[Excerpts from a dataset]
● ● ● ● ● ● ●
(* Let $G$ be a simple graph and $S\subset V(G)$ a set of pairwise non-adjacent vertices. If $G$ is $k$-shellable, then $G\setminus N_G[S]$ is $k$-shellable.
   Context: $N_G[S]=\bigcup_{x\in S}(N_G(x)\cup\{x\})$, where $N_G(x)$ is the set of neighbours of $x$; $G\setminus U$ deletes the vertices of $U$ and incident edges. A graph $H$ is $k$-shellable if its independence complex $\Delta_H$ (faces: sets of pairwise non-adjacent vertices) is. $\langle F_1,\ldots,F_s\rangle$ denotes the complex with facets $F_1,\dots,F_s$. A complex $\Gamma$ of dimension $d$ is $k$-shellable ($1\le k\le d+1$) if its facets can be ordered $F_1,\ldots,F_r$ such that for every $j=2,\ldots,r$, $\Gamma_j=\langle F_j\rangle\cap\langle F_1,\ldots,F_{j-1}\rangle$ satisfies (i) $\Gamma_j$ is generated by a nonempty set of faces of $\langle F_j\rangle$ of dimension $|F_j|-k-1$; (ii) if $\Gamma_j$ has more than one facet, then for every two distinct facets $\sigma,\tau$ of $\Gamma_j$, $F_j\subseteq\sigma\cup\tau$. *)

From mathcomp Require Import all_boot.
Set Implicit Arguments. Unset Strict Implicit. Unset Printing Implicit Defensive.

(* A simplicial complex on the finite ground type T is represented by its set
   of faces, a {set {set T}}. *)

Definition facets (T : finType) (D : {set {set T}}) : {set {set T}} :=
  [set F in D | [forall G in D, (F \subset G) ==> (G == F)]].

Definition gen_seq (T : finType) (s : seq {set T}) : {set {set T}} :=
  \bigcup_(F <- s) powerset F.

Definition gen_set (T : finType) (A : {set {set T}}) : {set {set T}} :=
  \bigcup_(F in A) powerset F.

(* k-shellability, as in the paper: an ordering F_1,...,F_r of the facets
   (here the list s, indexed from 0) such that for every j >= 2 the complex
   Gamma_j = <F_j> /\ <F_1,...,F_{j-1}> satisfies (i) and (ii).
   A face of dimension |F_j|-k-1 is a face of cardinality |F_j|-k, i.e. a
   sigma with #|sigma| + k = #|F_j|. *)
Definition k_shellable (T : finType) (k : nat) (D : {set {set T}}) : Prop :=
  0 < k /\
  exists s : seq {set T},
    [/\ uniq s,
        (forall F, (F \in s) = (F \in facets D)) &
        forall j, 0 < j < size s ->
          let Fj := nth set0 s j in
          let Gam := powerset Fj :&: gen_seq (take j s) in
          (exists Gs : {set {set T}},
              [/\ Gs != set0,
                  (forall sg, sg \in Gs -> (sg \subset Fj) /\ #|sg| + k = #|Fj|) &
                  Gam = gen_set Gs]) /\
          (1 < #|facets Gam| ->
             forall sg tau, sg \in facets Gam -> tau \in facets Gam -> sg != tau ->
               Fj \subset sg :|: tau)].

(* A simple graph: vertex set V (a subset of the finite type T) and an
   adjacency relation e (assumed symmetric and irreflexive in the theorem). *)

Definition indep_complex (T : finType) (V : {set T}) (e : rel T) : {set {set T}} :=
  [set F : {set T} | (F \subset V) &&
     [forall x in F, [forall y in F, ~~ e x y]]].

Definition nbhd (T : finType) (V : {set T}) (e : rel T) (x : T) : {set T} :=
  [set y in V | e x y].

Definition closed_nbhd (T : finType) (V : {set T}) (e : rel T) (S : {set T}) : {set T} :=
  \bigcup_(x in S) (x |: nbhd V e x).

(* G \ U is the graph (V :\: U, e) : induced subgraph on the remaining vertices *)

From mathcomp Require Import all_boot.
Set Implicit Arguments.
Unset Strict Implicit.
Unset Printing Implicit Defensive.

(* A set tau is independent in G \ N_G[S] iff it is disjoint from S and
   tau :|: S is independent in G, i.e. the independence complex of
   G \ N_G[S] is the link of S in that of G.  Links of k-shellable complexes
   are k-shellable: keep, in order, the facets of a k-shelling that contain S
   and remove S from each.  Taking links commutes with intersections and with
   generating complexes, so the new Gamma_j is the link of S in the old one;
   its generators of the right size are the old ones containing S, minus S,
   and its facets are the old facets containing S, minus S, whence (ii). *)

Section SetFacts.
Variable T : finType.
Implicit Types A B : {set T}.

Lemma setDUK A B : B \subset A -> (A :\: B) :|: B = A.
Proof. by move=> BA; rewrite setUC setDE setUIr setUCr setIT; apply/setUidPr. Qed.

Lemma setUDK A B : [disjoint A & B] -> (A :|: B) :\: B = A.
Proof. by move=> AB; rewrite setDUl setDv setU0; apply/setDidPl. Qed.

Lemma disjoint_setD A B : [disjoint A :\: B & B].
Proof. by rewrite -setI_eq0 setIDAC setDIl setDv setI0. Qed.

End SetFacts.

Section Link.
Variable T : finType.
Implicit Types (S A F sg tau : {set T}) (D E : {set {set T}}).

Definition link D S : {set {set T}} :=
  [set tau : {set T} | [disjoint tau & S] && (tau :|: S \in D)].

Lemma in_link D S tau :
  (tau \in link D S) = [disjoint tau & S] && (tau :|: S \in D).
Proof. by rewrite inE. Qed.

Lemma mem0_link D S : (set0 \in link D S) = (S \in D).
Proof. by rewrite in_link set0U disjoints_subset sub0set. Qed.

Lemma link0 S : link set0 S = set0.
Proof. by apply/setP => tau; rewrite in_link !inE andbF. Qed.

Lemma linkU D E S : link (D :|: E) S = link D S :|: link E S.
Proof. by apply/setP => tau; rewrite !(inE, in_link) andb_orr. Qed.

Lemma linkI D E S : link (D :&: E) S = link D S :&: link E S.
Proof. by apply/setP => tau; rewrite !(inE, in_link) andbACA andbb. Qed.

Lemma link_powerset A S :
  link (powerset A) S = if S \subset A then powerset (A :\: S) else set0.
Proof.
apply/setP => tau; rewrite in_link powersetE subUset.
case: ifP => SA; rewrite ?inE ?powersetE ?subsetD ?SA ?andbF //.
by rewrite andbT andbC.
Qed.

Lemma link_bigcup (I : Type) (r : seq I) (P : pred I) (Ds : I -> {set {set T}}) S :
  link (\bigcup_(i <- r | P i) Ds i) S = \bigcup_(i <- r | P i) link (Ds i) S.
Proof. exact: (big_morph (link^~ S) (fun D E => linkU D E S) (link0 S)). Qed.

Lemma mem0_gen_seq (l : seq {set T}) : (set0 \in gen_seq l) = (l != [::]).
Proof. by case: l => [|F l]; rewrite /gen_seq ?big_nil ?big_cons !inE ?sub0set. Qed.

Lemma link_gen_seq (l : seq {set T}) S :
  link (gen_seq l) S = gen_seq [seq F :\: S | F <- l & S \subset F].
Proof.
rewrite /gen_seq link_bigcup big_map big_filter [RHS]big_mkcond.
by apply: eq_bigr => F _; rewrite link_powerset.
Qed.

Lemma link_gen_set (Gs : {set {set T}}) S :
  link (gen_set Gs) S = gen_set [set sg :\: S | sg in Gs & S \subset sg].
Proof.
rewrite /gen_set link_bigcup big_imset_idem; last exact: setUid.
under [RHS]eq_bigl => sg do rewrite inE.
by rewrite [RHS]big_mkcondr; apply: eq_bigr => F _; rewrite link_powerset.
Qed.

Lemma facetsP D F :
  reflect (F \in D /\ {in D, forall G : {set T}, F \subset G -> G = F})
          (F \in facets D).
Proof.
rewrite inE; apply: (iffP andP) => -[FD maxF]; split=> //.
  by move=> G GD FG; move/forall_inP/(_ G GD)/implyP/(_ FG)/eqP: maxF.
by apply/forall_inP => G GD; apply/implyP => /(maxF G GD) ->.
Qed.

Lemma mem_facets_link D S F :
  (F \in facets (link D S)) = [disjoint F & S] && (F :|: S \in facets D).
Proof.
apply/facetsP/andP => [[FL maxF] | [dFS /facetsP[FSD maxFS]]].
  move: FL; rewrite in_link => /andP[dFS FSD]; split=> //.
  apply/facetsP; split=> // G GD FSG.
  have SG : S \subset G := subset_trans (subsetUr F S) FSG.
  have GSL : G :\: S \in link D S by rewrite in_link disjoint_setD setDUK.
  have FGS : F \subset G :\: S.
    by rewrite subsetD dFS andbT; apply: subset_trans (subsetUl F S) FSG.
  by rewrite -(maxF _ GSL FGS) setDUK.
split; first by rewrite in_link dFS.
move=> G; rewrite in_link => /andP[dGS GSD] FG.
by rewrite -(setUDK dGS) (maxFS _ GSD (setSU S FG)) setUDK.
Qed.

End Link.

Lemma nth_take_filter (X : Type) x0 (P : pred X) (s : seq X) i :
  i < size (filter P s) ->
  exists2 j, i <= j < size s &
    [/\ P (nth x0 s j), nth x0 (filter P s) i = nth x0 s j &
        take i (filter P s) = filter P (take j s)].
Proof.
elim: s i => [|a s IHs] i //=.
case Pa: (P a) => /=; last first.
  case/IHs => j /andP[ij js] [Pj nthj takej].
  by exists j.+1; rewrite /= ?Pa ?ltnS ?js ?leqW.
case: i => [|i] /=; first by exists 0.
rewrite ltnS => /IHs[j /andP[ij js] [Pj nthj takej]].
by exists j.+1; rewrite /= ?Pa ?takej ?ltnS ?ij.
Qed.

Section Shelling.
Variable T : finType.
Implicit Types (S F sg tau : {set T}) (Gam : {set {set T}}).

Definition shelling_step k F Gam : Prop :=
  (exists Gs : {set {set T}},
      [/\ Gs != set0,
          (forall sg, sg \in Gs -> (sg \subset F) /\ #|sg| + k = #|F|) &
          Gam = gen_set Gs]) /\
  (1 < #|facets Gam| ->
     forall sg tau, sg \in facets Gam -> tau \in facets Gam -> sg != tau ->
       F \subset sg :|: tau).

Lemma shelling_step_link k F Gam S :
  S \subset F -> S \in Gam -> shelling_step k F Gam ->
  shelling_step k (F :\: S) (link Gam S).
Proof.
move=> SF SGam [[Gs [Gs_neq0 Gs_sub GamE]] Gam_sep]; split.
  exists [set sg :\: S | sg in Gs & S \subset sg]; split.
  - have : S \in gen_set Gs by rewrite -GamE.
    case/bigcupP => sg sgGs; rewrite powersetE => Ssg.
    by apply/set0Pn; exists (sg :\: S); apply/imsetP; exists sg; rewrite ?inE ?sgGs.
  - move=> sg' /imsetP[sg]; rewrite inE => /andP[sgGs Ssg] ->.
    have [sgF card_sg] := Gs_sub sg sgGs; split; first exact: setSD.
    by rewrite !cardsDS // addnC addnBA ?subset_leq_card // addnC card_sg.
  - by rewrite GamE link_gen_set.
move=> _ sg tau; rewrite !mem_facets_link.
move=> /andP[dsgS sgSF] /andP[dtauS tauSF] sg_neq_tau.
have neqS : sg :|: S != tau :|: S.
  by apply: contraNneq sg_neq_tau => eqS; rewrite -(setUDK dsgS) eqS setUDK.
have gt1 : 1 < #|facets Gam| by apply/card_gt1P; exists (sg :|: S), (tau :|: S).
move/(Gam_sep gt1 _ _ sgSF tauSF): neqS => Fsep.
rewrite subDset; apply: subset_trans Fsep _.
by rewrite setUACA setUid setUC.
Qed.

End Shelling.

Lemma k_shellable_link (T : finType) k (D : {set {set T}}) (S : {set T}) :
  k_shellable k D -> k_shellable k (link D S).
Proof.
case=> k_gt0 [s [uniq_s facets_s step_s]]; split=> //.
set s' := [seq F :\: S | F : {set T} <- s & S \subset F].
exists s'; split.
- rewrite map_inj_in_uniq ?filter_uniq // => F G.
  rewrite !mem_filter => /andP[SF _] /andP[SG _] eqFG.
  by rewrite -(setDUK SF) -(setDUK SG) eqFG.
- move=> F; rewrite mem_facets_link; apply/mapP/andP => [[F0] | [dFS]].
    rewrite mem_filter -facets_s => /andP[SF0 F0D] ->.
    by rewrite disjoint_setD setDUK.
  rewrite -facets_s => FSs; exists (F :|: S); last by rewrite setUDK.
  by rewrite mem_filter subsetUr.
move=> i; rewrite size_map => /andP[i_gt0 lt_i].
change (shelling_step k (nth set0 s' i)
                      (powerset (nth set0 s' i) :&: gen_seq (take i s'))).
have [j /andP[le_ij lt_j] [SFj nth_j take_j]] := nth_take_filter set0 lt_i.
have step_j : shelling_step k (nth set0 s j)
                            (powerset (nth set0 s j) :&: gen_seq (take j s)).
  by apply: step_s; rewrite lt_j (leq_trans i_gt0 le_ij).
have link_Gam : powerset (nth set0 s' i) :&: gen_seq (take i s') =
                link (powerset (nth set0 s j) :&: gen_seq (take j s)) S.
  rewrite linkI link_powerset SFj link_gen_seq /s' (nth_map set0) // nth_j.
  by rewrite -map_take take_j.
rewrite link_Gam (nth_map set0) // nth_j; apply: shelling_step_link => //.
rewrite -mem0_link -link_Gam inE powersetE sub0set mem0_gen_seq.
by rewrite -size_eq0 size_take size_map lt_i -lt0n.
Qed.

Section IndependenceComplex.
Variables (T : finType) (e : rel T).
Implicit Types (V S F : {set T}).

Lemma indep_complexP V F :
  reflect (F \subset V /\ {in F &, forall x y, ~~ e x y}) (F \in indep_complex V e).
Proof.
rewrite inE; apply: (iffP andP) => -[FV indF]; split=> //.
  by move=> x y xF yF; move/forall_inP/(_ x xF)/forall_inP/(_ y yF): indF.
by apply/forall_inP => x xF; apply/forall_inP => y yF; apply: indF.
Qed.

Lemma in_setD_closed_nbhd V S x :
  (x \in V :\: closed_nbhd V e S) =
    [&& x \in V, x \notin S & [forall y in S, ~~ e y x]].
Proof.
rewrite inE andbC; case xV: (x \in V) => //=.
apply/negP/andP => [nNx | [xS /forall_inP nadj] /bigcupP[y yS]].
  split.
    by apply/negP => xS; apply: nNx; apply/bigcupP; exists x; rewrite ?setU11.
  apply/forall_inP => y yS; apply/negP => eyx; apply: nNx.
  by apply/bigcupP; exists y; rewrite // !inE xV eyx orbT.
rewrite !inE xV /= => /orP[/eqP xy | eyx]; first by rewrite xy yS in xS.
by move: (nadj y yS); rewrite eyx.
Qed.

Lemma indep_complex_setD_closed_nbhd V S :
  symmetric e -> S \subset V -> {in S &, forall x y, ~~ e x y} ->
  indep_complex (V :\: closed_nbhd V e S) e = link (indep_complex V e) S.
Proof.
move=> e_sym SV indS; apply/setP => tau; rewrite in_link.
apply/indep_complexP/andP => [[tauN indtau] | [dtauS /indep_complexP[tauSV indtauS]]].
  have tau_out x : x \in tau -> [&& x \in V, x \notin S & [forall y in S, ~~ e y x]].
    by move/(subsetP tauN); rewrite in_setD_closed_nbhd.
  split.
    rewrite disjoints_subset; apply/subsetP => x /tau_out/and3P[_ xS _].
    by rewrite inE.
  apply/indep_complexP; split.
    by rewrite subUset SV andbT; apply/subsetP => x /tau_out/and3P[].
  move=> x y; rewrite !inE => /orP[xt | xS] /orP[yt | yS]; first exact: indtau.
  - by move/tau_out/and3P: xt => [_ _ /forall_inP/(_ y yS)]; rewrite e_sym.
  - by move/tau_out/and3P: yt => [_ _ /forall_inP/(_ x xS)].
  - exact: indS.
have tauS x : x \in tau -> x \in tau :|: S by move=> xt; rewrite inE xt.
split; last by move=> x y /tauS xt /tauS yt; apply: indtauS.
apply/subsetP => x xt; rewrite in_setD_closed_nbhd (subsetP tauSV _ (tauS x xt)).
rewrite (disjointFr dtauS xt) /=; apply/forall_inP => y yS.
by apply: indtauS; rewrite inE ?yS ?xt ?orbT.
Qed.

End IndependenceComplex.

Theorem corollary4p5 (T : finType) (V : {set T}) (e : rel T) (S : {set T}) (k : nat) :
  symmetric e -> irreflexive e ->
  S \subset V ->
  (forall x y, x \in S -> y \in S -> ~~ e x y) ->
  k_shellable k (indep_complex V e) ->
  k_shellable k (indep_complex (V :\: closed_nbhd V e S) e).
Proof.
move=> e_sym _ SV indS shellable.
by rewrite indep_complex_setD_closed_nbhd //; apply: k_shellable_link.
Qed.
Lemma V_cont y : 0 < y -> continuity_pt Vfun y.
Proof.
  intros Hy. destruct (V_spec y Hy) as [Hv Hf].
  set (lb := Vfun y / 2). set (ub := (1 + Vfun y) / 2).
  assert (Hflb : 0 < vexp lb) by (pose proof (vexp_ge_id lb ltac:(unfold lb; lra)); unfold lb in *; lra).
  assert (E1 : Vfun (vexp lb) = lb) by (apply V_unique; unfold lb; auto; lra).
  assert (E2 : Vfun (vexp ub) = ub) by (apply V_unique; unfold ub; auto; lra).
  apply (continuity_pt_recip_interv vexp Vfun lb ub).
  - unfold lb, ub; lra.
  - intros a b Ha Hab Hb. apply vexp_lt; unfold lb, ub in *; lra.
  - intros x H1 H2. unfold comp, id. apply V_spec. lra.
  - intros x H1 H2. rewrite <- E1, <- E2. split; apply V_le; lra.
  - intros a Ha. eapply is_derive_continuity_pt, vexp_der. unfold ub in *; lra.
  - rewrite <- Hf. split; apply vexp_lt; unfold lb, ub; lra.
Qed.

Lemma V_der y : 0 < y -> is_derive Vfun y (1 / dvexp (Vfun y)).
Proof.
  intros Hy.
  destruct (V_spec (y/2) ltac:(lra)) as [Hlo _]. destruct (V_spec (2*y) ltac:(lra)) as [Hhi _].
  destruct (V_spec y Hy) as [Hv _].
  assert (Prf : forall a, Vfun (y/2) <= a <= Vfun (2*y) -> derivable_pt vexp a).
  { intros a Ha. exists (dvexp a). apply is_derive_Reals, vexp_der. lra. }
  assert (Hin : Vfun (y/2) <= Vfun y <= Vfun (2*y)) by (split; apply V_le; lra).
  apply is_derive_Reals.
  pose proof (derivable_pt_lim_recip_interv vexp Vfun (y/2) (2*y) y Prf (V_cont y Hy)
    ltac:(lra) ltac:(lra) Hin) as L.
  assert (D : derive_pt vexp (Vfun y) (Prf (Vfun y) Hin) = dvexp (Vfun y)).
  { apply derive_pt_eq_0, is_derive_Reals, vexp_der. lra. }
  rewrite D in L. apply L.
  - intros x Hx. unfold comp, id. apply V_spec. lra.
  - pose proof (dvexp_pos (Vfun y)). lra.
Qed.
Lemma start_beheadE h : (s h \in behead D) = upward h.
Proof.
apply/idP/idP => [sD | /andP[nr /eqP <-]]; last by rewrite s_tree_he start_behead.
have start_sh : start h = s h.
  by rewrite -(start_eq (vtx_s s h)) start_id // D_cons inE sD orbT.
rewrite /upward /tree_he start_sh permK eqxx andbT is_rootE -(vtx_s s h).
apply: contraTneq sD => sr; move: D_uniq; rewrite D_cons /= => /andP[rD _].
by apply: contra rD => /(map_f vtx); rewrite sr.
Qed.

Lemma in_treeE x : (x \in T) = upward x || upward (a x).
Proof. by rewrite tree_starts !start_beheadE. Qed.

Lemma in_tree_a x : (a x \in T) = (x \in T).
Proof. by rewrite !in_treeE aK orbC. Qed.

Lemma upward_not_root h : upward h -> ~~ is_root h.
Proof. by case/andP. Qed.

Lemma upward_parent_he h : upward h -> parent_he h = a h.
Proof. by rewrite /parent_he => /andP[_ /eqP ->]. Qed.

Lemma upward_start x : ~~ is_root x -> s x = start x -> upward x.
Proof. by move=> nr sx; rewrite /upward nr /tree_he -sx permK eqxx. Qed.

(* [word h] is the address of [h] in the BFS tree: the offsets, around each
   vertex on the tree path from the root vertex, of the half-edge leading
   down the path, followed by the offset of [h] itself. *)
Fixpoint word_fuel n h := if n is n'.+1 then
  (if is_root h then [::] else rcons (word_fuel n' (parent_he h)) (offs (parent_he h)))
  else [::].

Lemma word_fuel_stable n m h : rk h < n -> rk h < m -> word_fuel n h = word_fuel m h.
Proof.
elim: n m h => [|n IH] [|m] h //= hn hm.
case: ifP => // nr; have := rk_parent_he (negbT nr) => lt.
by rewrite (IH m) // (leq_trans lt) // -ltnS.
Qed.

Definition vword h := word_fuel (size D) h.
Definition word h := rcons (vword h) (offs h).
Definition depth h := size (vword h).

Lemma vwordE h :
  vword h = if is_root h then [::] else rcons (vword (parent_he h)) (offs (parent_he h)).
Proof.
rewrite /vword; have := rk_lt h; case: (size D) => // n hn.
rewrite [LHS]/=; case: ifP => // /negbT nr; congr rcons.
have lt := rk_parent_he nr.
by apply: word_fuel_stable; [exact: leq_trans lt hn | exact: ltn_trans lt hn].
Qed.

Lemma vword_eq x y : vtx x = vtx y -> vword x = vword y.
Proof.
rewrite /vword; elim: (size D) x y => //= n IH x y xy.
by rewrite (is_root_eq xy) (parent_he_eq xy).
Qed.

Lemma depth_root h : is_root h -> depth h = 0.
Proof. by rewrite /depth vwordE => ->. Qed.

Lemma depth_parent h : ~~ is_root h -> depth h = (depth (parent_he h)).+1.
Proof. by rewrite /depth vwordE => /negPf ->; rewrite size_rcons. Qed.

Lemma depth_eq x y : vtx x = vtx y -> depth x = depth y.
Proof. by rewrite /depth => /vword_eq ->. Qed.

Lemma depth0_root h : depth h = 0 -> is_root h.
Proof. by case rh: (is_root h) => //; rewrite depth_parent ?rh. Qed.

Lemma upward_depth h : upward h -> depth h = (depth (a h)).+1.
Proof. by move=> u; rewrite depth_parent ?upward_not_root // upward_parent_he. Qed.

Lemma upward_vword h : upward h -> vword h = word (a h).
Proof. by move=> u; rewrite vwordE (negPf (upward_not_root u)) upward_parent_he. Qed.

Lemma upward_aN h : upward h -> ~~ upward (a h).
Proof.
move=> u; apply/negP => /upward_depth; rewrite aK (upward_depth u) => E.
by have := leqnSn (depth (a h)).+1; rewrite -E ltnn.
Qed.

(* FIFO order of the queue makes the depth monotone in the rank. *)
Lemma depth_mono x y : rk x <= rk y -> depth x <= depth y.
Proof.
have [n] := ubnP (rk y); elim: n x y => // n IH x y yn xy.
case rx: (is_root x); first by rewrite depth_root.
have ry : ~~ is_root y.
  by apply: contraFN rx; rewrite /is_root => /eqP y0; move: xy; rewrite y0 leqn0.
move: xy; rewrite leq_eqVlt => /orP[/eqP/vtx_rk/depth_eq-> // | xy].
rewrite (depth_parent (negbT rx)) (depth_parent ry) ltnS; apply: IH.
  exact: leq_trans (rk_parent_he ry) _.
by case/orP: (parent_he_fifo (negbT rx) ry xy) => [/ltnW | /andP[/eqP-> _]].
Qed.

Lemma depth_edge h : depth h <= (depth (a h)).+1.
Proof.
case rh: (is_root h); first by rewrite depth_root.
rewrite depth_parent ?rh // ltnS; apply: depth_mono.
by case/orP: (parent_he_first (negbT rh)) => [/ltnW | /andP[/eqP-> _]].
Qed.

Lemma depth_le_rk h : depth h <= rk h.
Proof.
elim/tree_ind: h => h IH; case rh: (is_root h); first by rewrite depth_root.
by rewrite depth_parent ?rh //; apply: leq_ltn_trans (IH _) (rk_parent_he _); rewrite rh.
Qed.

Lemma depth_lt_card h : depth h < #|H|.
Proof.
apply: leq_ltn_trans (depth_le_rk h) _.
exact: leq_trans (rk_lt h) (size_uniq_vtx D_uniq).
Qed.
● ● ● ● ● ● ●
» **Prompt**
Check the entries above for the word "else" and copy every line where it turns up.

» **Answer to the problem**
  link (powerset A) S = if S \subset A then powerset (A :\: S) else set0.
  (if is_root h then [::] else rcons (word_fuel n' (parent_he h)) (offs (parent_he h)))
  else [::].
  vword h = if is_root h then [::] else rcons (vword (parent_he h)) (offs (parent_he h)).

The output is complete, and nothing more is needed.